Data listing –

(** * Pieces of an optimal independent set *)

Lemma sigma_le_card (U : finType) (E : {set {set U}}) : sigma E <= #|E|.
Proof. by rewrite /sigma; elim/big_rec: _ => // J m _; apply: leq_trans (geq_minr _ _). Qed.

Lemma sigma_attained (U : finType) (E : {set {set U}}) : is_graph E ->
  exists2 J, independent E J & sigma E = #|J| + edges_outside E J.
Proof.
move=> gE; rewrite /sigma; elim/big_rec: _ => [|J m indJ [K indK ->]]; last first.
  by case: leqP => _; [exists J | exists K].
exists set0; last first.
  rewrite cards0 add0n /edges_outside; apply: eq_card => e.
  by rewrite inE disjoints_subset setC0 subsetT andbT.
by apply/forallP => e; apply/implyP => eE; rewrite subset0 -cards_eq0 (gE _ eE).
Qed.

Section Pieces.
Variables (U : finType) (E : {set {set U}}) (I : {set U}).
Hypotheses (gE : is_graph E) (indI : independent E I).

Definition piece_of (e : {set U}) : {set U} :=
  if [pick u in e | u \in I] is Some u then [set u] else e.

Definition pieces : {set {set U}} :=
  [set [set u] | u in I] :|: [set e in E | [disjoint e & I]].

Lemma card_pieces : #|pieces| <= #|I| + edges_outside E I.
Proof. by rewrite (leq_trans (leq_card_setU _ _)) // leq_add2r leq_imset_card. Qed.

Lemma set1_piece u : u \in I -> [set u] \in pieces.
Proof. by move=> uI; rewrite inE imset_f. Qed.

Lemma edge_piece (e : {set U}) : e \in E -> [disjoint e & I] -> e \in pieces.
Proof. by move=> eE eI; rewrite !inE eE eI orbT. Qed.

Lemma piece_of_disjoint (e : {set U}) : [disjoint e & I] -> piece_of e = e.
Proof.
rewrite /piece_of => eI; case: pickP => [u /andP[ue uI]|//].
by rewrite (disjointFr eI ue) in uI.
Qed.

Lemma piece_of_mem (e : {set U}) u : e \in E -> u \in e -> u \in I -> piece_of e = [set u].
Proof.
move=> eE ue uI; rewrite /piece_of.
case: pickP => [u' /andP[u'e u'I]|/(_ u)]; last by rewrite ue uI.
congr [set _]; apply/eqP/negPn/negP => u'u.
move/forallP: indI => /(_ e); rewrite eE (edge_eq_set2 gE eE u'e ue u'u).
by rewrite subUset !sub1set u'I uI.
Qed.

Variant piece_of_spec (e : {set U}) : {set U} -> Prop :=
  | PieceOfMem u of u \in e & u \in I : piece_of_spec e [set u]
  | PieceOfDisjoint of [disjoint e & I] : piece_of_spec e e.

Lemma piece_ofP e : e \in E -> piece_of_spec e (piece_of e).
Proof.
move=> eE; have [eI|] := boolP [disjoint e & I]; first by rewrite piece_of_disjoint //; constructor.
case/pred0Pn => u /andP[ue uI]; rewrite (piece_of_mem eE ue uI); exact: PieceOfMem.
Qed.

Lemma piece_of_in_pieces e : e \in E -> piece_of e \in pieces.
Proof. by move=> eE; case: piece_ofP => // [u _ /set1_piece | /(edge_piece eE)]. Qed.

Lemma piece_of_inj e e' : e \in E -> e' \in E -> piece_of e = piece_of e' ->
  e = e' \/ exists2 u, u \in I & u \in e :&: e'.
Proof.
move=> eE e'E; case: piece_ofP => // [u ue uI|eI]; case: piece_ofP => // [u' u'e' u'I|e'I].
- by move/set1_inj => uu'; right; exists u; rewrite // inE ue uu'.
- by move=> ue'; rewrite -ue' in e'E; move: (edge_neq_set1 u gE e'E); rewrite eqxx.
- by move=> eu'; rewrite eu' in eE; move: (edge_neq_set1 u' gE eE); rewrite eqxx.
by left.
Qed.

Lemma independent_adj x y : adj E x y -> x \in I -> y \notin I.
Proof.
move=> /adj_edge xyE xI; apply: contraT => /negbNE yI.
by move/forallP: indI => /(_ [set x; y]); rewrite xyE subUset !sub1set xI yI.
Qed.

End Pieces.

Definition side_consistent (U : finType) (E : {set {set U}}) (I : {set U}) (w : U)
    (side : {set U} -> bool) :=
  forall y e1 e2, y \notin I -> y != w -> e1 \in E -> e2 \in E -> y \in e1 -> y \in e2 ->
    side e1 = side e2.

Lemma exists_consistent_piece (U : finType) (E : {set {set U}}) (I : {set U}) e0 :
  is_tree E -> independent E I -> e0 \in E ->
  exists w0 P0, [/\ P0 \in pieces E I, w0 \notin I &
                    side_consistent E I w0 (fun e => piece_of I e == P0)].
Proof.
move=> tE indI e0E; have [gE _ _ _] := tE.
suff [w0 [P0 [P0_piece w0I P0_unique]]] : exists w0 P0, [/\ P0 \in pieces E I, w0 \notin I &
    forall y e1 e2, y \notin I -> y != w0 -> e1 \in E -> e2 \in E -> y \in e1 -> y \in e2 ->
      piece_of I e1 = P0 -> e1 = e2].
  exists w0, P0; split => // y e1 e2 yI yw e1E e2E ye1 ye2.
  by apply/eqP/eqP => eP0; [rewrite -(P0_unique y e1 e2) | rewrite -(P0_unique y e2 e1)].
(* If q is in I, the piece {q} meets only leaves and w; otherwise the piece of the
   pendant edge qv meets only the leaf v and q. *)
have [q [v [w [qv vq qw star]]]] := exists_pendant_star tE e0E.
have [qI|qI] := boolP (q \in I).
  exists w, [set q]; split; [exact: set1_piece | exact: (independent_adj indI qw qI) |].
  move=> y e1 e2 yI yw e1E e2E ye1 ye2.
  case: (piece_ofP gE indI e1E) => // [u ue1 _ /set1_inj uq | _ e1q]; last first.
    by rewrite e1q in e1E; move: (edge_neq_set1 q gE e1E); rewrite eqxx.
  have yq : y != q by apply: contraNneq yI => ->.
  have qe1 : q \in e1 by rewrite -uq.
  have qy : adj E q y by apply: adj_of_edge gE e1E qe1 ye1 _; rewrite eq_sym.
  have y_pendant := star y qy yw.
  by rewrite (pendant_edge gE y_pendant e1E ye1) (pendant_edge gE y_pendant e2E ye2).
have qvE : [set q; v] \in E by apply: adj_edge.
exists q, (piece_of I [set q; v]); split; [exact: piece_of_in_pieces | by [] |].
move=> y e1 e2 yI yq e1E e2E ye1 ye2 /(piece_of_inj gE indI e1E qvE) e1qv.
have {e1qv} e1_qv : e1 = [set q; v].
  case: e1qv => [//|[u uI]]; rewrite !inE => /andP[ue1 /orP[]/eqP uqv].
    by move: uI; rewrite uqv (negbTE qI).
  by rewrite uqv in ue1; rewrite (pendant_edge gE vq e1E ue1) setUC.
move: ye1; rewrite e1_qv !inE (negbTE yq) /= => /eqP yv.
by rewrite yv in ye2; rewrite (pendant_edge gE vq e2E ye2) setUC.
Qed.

Exercise directions – Keep only the lines from the line with "by rewrite (pendant_edge" to the end of the records above, and repeat them exactly.

Task response –
  by rewrite (pendant_edge gE y_pendant e1E ye1) (pendant_edge gE y_pendant e2E ye2).
have qvE : [set q; v] \in E by apply: adj_edge.
exists q, (piece_of I [set q; v]); split; [exact: piece_of_in_pieces | by [] |].
move=> y e1 e2 yI yq e1E e2E ye1 ye2 /(piece_of_inj gE indI e1E qvE) e1qv.
have {e1qv} e1_qv : e1 = [set q; v].
  case: e1qv => [//|[u uI]]; rewrite !inE => /andP[ue1 /orP[]/eqP uqv].
    by move: uI; rewrite uqv (negbTE qI).
  by rewrite uqv in ue1; rewrite (pendant_edge gE vq e1E ue1) setUC.
move: ye1; rewrite e1_qv !inE (negbTE yq) /= => /eqP yv.
by rewrite yv in ye2; rewrite (pendant_edge gE vq e2E ye2) setUC.
Qed.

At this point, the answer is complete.